◆ TASK GOAL ◆
Range to reproduce from the entries below: the line with "by apply: eq_bigr => j", the line with "case iS: (i \in S) cardS => /= cardS.", and every line in between. Give them exactly and give nothing else.

Collected data entries

>>>

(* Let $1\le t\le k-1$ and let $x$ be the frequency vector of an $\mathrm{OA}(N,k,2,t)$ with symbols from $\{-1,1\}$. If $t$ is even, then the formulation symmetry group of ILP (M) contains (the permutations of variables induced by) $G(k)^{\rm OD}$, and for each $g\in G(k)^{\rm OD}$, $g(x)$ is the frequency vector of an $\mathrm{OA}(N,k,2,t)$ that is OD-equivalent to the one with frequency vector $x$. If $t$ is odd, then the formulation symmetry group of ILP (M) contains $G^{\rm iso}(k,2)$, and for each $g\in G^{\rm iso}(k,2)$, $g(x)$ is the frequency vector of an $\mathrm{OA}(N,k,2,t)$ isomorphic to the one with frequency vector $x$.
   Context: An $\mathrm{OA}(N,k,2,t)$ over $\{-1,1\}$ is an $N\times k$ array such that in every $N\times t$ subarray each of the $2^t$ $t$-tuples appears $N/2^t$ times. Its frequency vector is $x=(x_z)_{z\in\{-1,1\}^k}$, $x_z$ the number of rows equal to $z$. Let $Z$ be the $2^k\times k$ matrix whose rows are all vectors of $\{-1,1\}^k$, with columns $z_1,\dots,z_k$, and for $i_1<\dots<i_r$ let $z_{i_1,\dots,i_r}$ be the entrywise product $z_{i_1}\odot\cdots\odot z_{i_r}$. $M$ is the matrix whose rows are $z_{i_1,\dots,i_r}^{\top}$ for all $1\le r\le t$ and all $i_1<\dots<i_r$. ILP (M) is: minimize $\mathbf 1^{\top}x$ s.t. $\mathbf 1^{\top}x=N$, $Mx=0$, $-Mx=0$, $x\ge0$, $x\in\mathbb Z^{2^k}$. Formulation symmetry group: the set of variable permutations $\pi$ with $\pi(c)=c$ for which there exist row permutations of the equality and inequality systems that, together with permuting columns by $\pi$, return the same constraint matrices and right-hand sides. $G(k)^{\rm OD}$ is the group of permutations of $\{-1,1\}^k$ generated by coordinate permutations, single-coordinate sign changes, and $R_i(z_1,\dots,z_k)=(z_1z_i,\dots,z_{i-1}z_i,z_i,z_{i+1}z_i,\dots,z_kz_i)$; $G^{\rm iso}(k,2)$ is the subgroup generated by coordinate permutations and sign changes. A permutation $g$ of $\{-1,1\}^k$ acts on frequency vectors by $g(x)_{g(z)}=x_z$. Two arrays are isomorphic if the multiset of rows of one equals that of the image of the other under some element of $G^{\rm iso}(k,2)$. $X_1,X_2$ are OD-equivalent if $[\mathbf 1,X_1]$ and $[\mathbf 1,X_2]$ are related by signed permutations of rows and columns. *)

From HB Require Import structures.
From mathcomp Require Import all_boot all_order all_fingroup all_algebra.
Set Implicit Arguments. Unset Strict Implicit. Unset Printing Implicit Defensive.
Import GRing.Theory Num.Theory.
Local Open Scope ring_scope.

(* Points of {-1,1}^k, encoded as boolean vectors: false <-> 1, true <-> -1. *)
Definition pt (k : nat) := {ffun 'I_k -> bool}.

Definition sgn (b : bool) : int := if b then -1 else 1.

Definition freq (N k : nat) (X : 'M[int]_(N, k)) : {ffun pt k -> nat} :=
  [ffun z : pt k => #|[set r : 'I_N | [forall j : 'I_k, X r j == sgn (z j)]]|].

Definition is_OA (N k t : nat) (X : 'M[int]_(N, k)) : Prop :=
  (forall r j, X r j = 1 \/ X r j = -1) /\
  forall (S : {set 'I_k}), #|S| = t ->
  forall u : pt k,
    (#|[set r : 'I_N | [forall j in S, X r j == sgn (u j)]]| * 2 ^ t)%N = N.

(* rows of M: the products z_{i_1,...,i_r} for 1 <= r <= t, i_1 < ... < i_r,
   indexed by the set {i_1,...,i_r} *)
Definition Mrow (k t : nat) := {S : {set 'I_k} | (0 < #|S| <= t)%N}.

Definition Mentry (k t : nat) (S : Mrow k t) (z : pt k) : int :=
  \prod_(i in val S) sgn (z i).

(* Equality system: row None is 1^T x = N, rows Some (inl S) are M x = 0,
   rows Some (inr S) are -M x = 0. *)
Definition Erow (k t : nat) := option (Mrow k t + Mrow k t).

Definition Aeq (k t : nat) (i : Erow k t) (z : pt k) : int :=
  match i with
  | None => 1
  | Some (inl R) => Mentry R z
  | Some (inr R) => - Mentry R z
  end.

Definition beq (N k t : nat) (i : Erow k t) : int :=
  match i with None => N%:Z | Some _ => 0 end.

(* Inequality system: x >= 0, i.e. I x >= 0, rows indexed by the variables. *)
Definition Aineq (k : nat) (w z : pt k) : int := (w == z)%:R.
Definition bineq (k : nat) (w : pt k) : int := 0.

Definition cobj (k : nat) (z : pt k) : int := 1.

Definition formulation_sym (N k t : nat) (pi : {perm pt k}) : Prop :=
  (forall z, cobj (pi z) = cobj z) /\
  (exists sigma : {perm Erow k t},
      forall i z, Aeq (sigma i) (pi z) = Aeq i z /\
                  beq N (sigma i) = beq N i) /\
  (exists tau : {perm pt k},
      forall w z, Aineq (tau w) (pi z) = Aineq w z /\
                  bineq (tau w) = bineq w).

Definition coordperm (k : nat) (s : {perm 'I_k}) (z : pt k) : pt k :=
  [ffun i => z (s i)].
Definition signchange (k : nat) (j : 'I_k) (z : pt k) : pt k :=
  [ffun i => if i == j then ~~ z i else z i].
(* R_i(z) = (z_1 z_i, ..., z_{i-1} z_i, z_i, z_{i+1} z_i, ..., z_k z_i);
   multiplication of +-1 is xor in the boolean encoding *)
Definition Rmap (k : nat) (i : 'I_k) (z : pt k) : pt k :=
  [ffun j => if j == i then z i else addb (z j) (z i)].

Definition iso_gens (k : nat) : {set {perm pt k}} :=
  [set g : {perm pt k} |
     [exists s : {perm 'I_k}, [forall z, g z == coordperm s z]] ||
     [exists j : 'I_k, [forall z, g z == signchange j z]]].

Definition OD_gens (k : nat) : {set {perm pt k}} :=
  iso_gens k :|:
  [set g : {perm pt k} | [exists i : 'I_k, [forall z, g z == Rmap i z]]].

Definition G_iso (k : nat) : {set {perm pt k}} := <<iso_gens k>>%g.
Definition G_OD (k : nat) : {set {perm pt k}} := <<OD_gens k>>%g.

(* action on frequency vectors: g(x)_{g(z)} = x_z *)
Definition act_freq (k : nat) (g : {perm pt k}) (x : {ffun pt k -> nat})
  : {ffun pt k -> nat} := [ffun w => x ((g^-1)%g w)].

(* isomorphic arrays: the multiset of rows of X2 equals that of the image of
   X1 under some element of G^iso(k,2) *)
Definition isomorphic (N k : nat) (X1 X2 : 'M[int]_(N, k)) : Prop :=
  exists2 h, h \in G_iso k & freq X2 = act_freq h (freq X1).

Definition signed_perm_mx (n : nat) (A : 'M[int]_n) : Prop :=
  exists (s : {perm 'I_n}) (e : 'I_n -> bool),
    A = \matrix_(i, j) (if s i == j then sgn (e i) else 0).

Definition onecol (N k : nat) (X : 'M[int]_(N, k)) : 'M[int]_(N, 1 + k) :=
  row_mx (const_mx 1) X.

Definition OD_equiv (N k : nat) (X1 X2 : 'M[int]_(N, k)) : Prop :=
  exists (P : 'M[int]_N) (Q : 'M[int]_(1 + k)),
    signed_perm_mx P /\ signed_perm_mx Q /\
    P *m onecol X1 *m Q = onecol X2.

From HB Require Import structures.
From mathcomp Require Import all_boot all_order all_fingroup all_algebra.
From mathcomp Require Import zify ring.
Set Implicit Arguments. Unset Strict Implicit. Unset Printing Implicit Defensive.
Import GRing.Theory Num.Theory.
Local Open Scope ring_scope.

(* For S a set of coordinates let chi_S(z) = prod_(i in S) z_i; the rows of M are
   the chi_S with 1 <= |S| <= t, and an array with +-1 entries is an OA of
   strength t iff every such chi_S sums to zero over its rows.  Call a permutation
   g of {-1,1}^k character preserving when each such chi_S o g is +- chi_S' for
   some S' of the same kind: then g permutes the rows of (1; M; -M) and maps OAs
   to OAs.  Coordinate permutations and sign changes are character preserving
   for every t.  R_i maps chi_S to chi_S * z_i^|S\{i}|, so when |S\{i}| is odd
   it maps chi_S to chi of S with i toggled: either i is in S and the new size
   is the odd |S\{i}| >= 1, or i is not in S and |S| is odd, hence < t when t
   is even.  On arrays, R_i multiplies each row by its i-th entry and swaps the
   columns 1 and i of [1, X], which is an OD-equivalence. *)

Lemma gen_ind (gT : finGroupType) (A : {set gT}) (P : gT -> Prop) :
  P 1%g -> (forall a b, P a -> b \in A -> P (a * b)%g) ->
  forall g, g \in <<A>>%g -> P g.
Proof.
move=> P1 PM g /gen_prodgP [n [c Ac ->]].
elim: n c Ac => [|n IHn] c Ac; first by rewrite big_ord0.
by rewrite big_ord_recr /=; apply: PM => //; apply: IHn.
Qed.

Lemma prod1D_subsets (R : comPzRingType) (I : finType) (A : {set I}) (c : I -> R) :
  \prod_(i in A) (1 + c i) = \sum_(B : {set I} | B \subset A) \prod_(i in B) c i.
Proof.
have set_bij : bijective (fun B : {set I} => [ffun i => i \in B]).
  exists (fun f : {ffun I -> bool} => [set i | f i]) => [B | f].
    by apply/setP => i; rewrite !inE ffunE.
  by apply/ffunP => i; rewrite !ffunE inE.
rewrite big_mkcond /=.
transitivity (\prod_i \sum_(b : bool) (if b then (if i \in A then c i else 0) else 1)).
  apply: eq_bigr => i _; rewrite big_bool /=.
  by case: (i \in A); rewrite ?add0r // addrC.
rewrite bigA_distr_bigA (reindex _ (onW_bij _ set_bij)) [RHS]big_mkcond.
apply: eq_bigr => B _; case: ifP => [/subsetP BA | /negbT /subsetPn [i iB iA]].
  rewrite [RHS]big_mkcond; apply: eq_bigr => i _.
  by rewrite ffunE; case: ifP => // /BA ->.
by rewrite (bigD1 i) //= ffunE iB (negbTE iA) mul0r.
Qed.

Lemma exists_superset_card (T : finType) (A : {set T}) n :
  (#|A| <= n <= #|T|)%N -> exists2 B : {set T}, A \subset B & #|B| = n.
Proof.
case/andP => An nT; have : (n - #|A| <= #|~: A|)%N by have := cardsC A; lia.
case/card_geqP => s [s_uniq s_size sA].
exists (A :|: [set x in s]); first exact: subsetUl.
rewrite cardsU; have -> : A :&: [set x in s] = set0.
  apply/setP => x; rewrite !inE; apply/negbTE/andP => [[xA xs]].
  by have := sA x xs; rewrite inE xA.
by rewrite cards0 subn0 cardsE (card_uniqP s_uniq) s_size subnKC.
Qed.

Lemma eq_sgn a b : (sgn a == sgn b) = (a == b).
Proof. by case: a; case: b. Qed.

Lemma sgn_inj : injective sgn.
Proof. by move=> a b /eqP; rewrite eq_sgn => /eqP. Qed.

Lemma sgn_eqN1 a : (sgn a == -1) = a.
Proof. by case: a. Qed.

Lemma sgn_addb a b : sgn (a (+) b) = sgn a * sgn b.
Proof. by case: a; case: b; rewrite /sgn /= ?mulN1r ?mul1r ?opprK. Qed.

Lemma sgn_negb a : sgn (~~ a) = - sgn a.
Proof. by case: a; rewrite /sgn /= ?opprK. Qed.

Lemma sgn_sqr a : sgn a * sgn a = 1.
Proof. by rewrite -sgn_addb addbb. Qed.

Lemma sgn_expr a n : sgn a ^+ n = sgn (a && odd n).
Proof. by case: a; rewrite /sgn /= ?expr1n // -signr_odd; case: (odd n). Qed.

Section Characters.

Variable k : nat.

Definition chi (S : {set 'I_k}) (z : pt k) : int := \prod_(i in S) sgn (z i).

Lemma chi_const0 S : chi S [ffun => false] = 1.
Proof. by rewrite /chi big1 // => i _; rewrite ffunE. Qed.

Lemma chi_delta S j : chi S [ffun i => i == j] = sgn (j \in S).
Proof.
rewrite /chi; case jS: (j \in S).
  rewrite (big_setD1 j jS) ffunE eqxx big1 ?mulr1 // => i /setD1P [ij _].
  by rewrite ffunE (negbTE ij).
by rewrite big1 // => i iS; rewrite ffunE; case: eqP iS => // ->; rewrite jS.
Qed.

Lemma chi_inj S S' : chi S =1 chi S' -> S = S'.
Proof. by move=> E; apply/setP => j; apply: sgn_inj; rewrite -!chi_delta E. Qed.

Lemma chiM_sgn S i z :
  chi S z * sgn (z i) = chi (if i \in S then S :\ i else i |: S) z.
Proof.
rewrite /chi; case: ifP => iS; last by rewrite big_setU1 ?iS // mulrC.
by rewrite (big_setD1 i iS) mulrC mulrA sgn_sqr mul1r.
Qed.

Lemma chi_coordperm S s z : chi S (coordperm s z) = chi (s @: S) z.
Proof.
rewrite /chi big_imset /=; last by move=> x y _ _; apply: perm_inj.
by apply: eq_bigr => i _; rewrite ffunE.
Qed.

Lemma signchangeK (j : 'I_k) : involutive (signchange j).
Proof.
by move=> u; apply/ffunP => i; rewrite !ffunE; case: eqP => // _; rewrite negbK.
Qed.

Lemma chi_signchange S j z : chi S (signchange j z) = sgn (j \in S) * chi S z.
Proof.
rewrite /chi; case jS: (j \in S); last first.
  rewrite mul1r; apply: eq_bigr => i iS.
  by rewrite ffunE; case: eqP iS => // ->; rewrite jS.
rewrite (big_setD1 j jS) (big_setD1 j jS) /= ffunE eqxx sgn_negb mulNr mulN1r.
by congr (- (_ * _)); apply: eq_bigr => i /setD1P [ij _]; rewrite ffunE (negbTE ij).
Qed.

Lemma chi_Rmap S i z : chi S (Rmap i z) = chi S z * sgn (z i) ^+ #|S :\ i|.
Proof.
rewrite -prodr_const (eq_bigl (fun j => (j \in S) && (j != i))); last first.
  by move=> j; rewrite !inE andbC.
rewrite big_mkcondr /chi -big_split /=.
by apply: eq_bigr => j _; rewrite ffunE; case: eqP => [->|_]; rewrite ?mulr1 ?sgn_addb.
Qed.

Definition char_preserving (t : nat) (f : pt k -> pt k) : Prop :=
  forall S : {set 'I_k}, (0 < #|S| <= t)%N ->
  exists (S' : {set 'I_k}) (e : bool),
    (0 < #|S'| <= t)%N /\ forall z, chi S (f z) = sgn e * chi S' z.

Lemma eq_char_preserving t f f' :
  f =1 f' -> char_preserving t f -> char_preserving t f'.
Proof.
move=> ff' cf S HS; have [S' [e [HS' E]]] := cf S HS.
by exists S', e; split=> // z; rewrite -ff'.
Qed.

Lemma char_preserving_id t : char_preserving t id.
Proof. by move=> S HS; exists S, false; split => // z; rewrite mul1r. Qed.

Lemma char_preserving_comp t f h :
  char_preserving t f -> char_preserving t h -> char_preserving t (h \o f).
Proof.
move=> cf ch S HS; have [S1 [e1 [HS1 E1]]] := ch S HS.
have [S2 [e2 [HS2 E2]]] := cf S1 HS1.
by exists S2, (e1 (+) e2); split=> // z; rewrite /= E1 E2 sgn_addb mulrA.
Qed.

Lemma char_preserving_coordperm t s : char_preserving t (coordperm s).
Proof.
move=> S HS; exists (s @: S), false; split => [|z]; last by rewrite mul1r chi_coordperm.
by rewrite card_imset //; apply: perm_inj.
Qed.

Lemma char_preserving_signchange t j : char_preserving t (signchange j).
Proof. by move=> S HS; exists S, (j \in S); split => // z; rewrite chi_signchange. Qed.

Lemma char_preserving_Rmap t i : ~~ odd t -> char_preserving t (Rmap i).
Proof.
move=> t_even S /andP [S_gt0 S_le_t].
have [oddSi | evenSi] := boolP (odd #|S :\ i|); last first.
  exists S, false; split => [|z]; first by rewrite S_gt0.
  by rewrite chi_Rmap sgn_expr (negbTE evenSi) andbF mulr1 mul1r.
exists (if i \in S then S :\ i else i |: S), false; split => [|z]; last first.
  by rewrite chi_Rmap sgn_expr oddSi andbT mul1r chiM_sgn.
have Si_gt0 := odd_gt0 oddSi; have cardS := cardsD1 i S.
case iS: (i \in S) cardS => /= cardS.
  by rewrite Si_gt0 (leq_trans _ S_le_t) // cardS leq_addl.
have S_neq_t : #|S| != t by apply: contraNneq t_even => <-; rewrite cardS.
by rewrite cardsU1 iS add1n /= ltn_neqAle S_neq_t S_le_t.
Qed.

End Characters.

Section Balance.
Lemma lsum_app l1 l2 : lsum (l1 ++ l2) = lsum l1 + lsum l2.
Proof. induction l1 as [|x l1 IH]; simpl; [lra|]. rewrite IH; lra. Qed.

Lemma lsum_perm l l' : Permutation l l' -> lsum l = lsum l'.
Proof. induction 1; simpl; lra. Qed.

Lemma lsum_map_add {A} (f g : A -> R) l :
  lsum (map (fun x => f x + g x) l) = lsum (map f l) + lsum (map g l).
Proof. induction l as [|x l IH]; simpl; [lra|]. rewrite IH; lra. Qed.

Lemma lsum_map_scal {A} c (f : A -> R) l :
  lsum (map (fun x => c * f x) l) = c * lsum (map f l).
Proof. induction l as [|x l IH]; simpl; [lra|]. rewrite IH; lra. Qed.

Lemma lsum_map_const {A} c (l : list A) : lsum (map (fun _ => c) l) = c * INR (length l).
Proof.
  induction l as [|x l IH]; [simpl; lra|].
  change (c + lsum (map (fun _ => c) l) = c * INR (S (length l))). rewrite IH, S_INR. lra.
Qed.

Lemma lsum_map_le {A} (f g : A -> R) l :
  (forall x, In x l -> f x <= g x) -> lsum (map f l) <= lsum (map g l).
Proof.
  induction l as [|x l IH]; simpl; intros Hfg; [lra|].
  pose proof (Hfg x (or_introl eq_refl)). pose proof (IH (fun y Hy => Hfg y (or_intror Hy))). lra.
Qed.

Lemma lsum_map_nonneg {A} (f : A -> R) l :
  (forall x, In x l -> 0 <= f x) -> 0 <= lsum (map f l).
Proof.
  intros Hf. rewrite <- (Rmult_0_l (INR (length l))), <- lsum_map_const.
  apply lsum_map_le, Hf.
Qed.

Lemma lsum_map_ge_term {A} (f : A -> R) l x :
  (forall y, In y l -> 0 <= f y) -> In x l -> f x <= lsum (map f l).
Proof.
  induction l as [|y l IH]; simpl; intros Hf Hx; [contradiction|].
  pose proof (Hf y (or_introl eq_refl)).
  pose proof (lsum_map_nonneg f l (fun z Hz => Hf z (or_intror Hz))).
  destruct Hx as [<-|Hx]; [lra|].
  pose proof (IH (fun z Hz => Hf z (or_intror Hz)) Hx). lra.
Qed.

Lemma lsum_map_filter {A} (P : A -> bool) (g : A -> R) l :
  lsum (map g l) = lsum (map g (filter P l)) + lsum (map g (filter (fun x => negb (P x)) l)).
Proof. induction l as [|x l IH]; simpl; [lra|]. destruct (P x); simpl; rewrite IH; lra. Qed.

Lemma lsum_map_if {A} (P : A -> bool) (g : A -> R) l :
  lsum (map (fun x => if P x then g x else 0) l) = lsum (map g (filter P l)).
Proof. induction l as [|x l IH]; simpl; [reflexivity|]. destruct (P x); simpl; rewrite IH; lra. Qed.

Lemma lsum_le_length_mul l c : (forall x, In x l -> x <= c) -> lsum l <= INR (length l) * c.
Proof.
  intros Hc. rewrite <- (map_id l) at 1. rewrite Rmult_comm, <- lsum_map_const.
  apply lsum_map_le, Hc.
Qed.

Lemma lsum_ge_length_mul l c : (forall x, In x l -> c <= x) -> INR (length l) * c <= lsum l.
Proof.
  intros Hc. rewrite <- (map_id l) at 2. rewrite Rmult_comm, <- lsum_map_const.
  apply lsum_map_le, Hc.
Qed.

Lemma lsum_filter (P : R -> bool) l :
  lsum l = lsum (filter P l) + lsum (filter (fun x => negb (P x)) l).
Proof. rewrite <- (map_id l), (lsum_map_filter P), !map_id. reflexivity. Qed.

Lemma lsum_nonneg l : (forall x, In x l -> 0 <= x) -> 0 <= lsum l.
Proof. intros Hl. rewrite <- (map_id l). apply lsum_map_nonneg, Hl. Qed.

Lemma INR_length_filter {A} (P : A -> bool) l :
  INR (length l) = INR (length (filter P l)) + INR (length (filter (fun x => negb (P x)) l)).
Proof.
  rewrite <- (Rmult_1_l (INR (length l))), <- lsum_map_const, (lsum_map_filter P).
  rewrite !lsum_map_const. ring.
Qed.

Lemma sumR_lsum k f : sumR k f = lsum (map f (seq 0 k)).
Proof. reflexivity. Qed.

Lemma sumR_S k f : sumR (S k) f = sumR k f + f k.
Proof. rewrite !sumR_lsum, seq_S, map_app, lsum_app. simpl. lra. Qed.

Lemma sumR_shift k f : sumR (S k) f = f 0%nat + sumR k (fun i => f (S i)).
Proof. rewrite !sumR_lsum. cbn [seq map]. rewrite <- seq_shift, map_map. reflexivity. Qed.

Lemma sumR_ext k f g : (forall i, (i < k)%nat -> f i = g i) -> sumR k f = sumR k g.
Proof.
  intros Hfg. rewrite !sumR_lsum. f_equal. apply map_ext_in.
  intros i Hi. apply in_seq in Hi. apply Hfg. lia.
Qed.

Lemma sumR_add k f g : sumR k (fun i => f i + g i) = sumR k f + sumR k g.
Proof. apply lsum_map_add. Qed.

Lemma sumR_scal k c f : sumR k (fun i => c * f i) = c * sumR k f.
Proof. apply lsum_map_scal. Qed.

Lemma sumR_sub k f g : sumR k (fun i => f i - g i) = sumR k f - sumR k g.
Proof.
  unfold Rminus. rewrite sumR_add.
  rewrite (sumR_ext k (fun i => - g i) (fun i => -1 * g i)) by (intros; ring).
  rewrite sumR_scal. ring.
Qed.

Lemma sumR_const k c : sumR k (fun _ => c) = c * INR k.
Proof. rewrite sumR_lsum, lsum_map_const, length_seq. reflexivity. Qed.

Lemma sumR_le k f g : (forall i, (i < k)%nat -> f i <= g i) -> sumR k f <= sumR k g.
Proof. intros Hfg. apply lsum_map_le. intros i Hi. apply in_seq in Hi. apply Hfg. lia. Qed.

<<<

◆ ANSWER TO THE PROBLEM ◆
by apply: eq_bigr => j _; rewrite ffunE; case: eqP => [->|_]; rewrite ?mulr1 ?sgn_addb.
Qed.

Definition char_preserving (t : nat) (f : pt k -> pt k) : Prop :=
  forall S : {set 'I_k}, (0 < #|S| <= t)%N ->
  exists (S' : {set 'I_k}) (e : bool),
    (0 < #|S'| <= t)%N /\ forall z, chi S (f z) = sgn e * chi S' z.

Lemma eq_char_preserving t f f' :
  f =1 f' -> char_preserving t f -> char_preserving t f'.
Proof.
move=> ff' cf S HS; have [S' [e [HS' E]]] := cf S HS.
by exists S', e; split=> // z; rewrite -ff'.
Qed.

Lemma char_preserving_id t : char_preserving t id.
Proof. by move=> S HS; exists S, false; split => // z; rewrite mul1r. Qed.

Lemma char_preserving_comp t f h :
  char_preserving t f -> char_preserving t h -> char_preserving t (h \o f).
Proof.
move=> cf ch S HS; have [S1 [e1 [HS1 E1]]] := ch S HS.
have [S2 [e2 [HS2 E2]]] := cf S1 HS1.
by exists S2, (e1 (+) e2); split=> // z; rewrite /= E1 E2 sgn_addb mulrA.
Qed.

Lemma char_preserving_coordperm t s : char_preserving t (coordperm s).
Proof.
move=> S HS; exists (s @: S), false; split => [|z]; last by rewrite mul1r chi_coordperm.
by rewrite card_imset //; apply: perm_inj.
Qed.

Lemma char_preserving_signchange t j : char_preserving t (signchange j).
Proof. by move=> S HS; exists S, (j \in S); split => // z; rewrite chi_signchange. Qed.

Lemma char_preserving_Rmap t i : ~~ odd t -> char_preserving t (Rmap i).
Proof.
move=> t_even S /andP [S_gt0 S_le_t].
have [oddSi | evenSi] := boolP (odd #|S :\ i|); last first.
  exists S, false; split => [|z]; first by rewrite S_gt0.
  by rewrite chi_Rmap sgn_expr (negbTE evenSi) andbF mulr1 mul1r.
exists (if i \in S then S :\ i else i |: S), false; split => [|z]; last first.
  by rewrite chi_Rmap sgn_expr oddSi andbT mul1r chiM_sgn.
have Si_gt0 := odd_gt0 oddSi; have cardS := cardsD1 i S.
case iS: (i \in S) cardS => /= cardS.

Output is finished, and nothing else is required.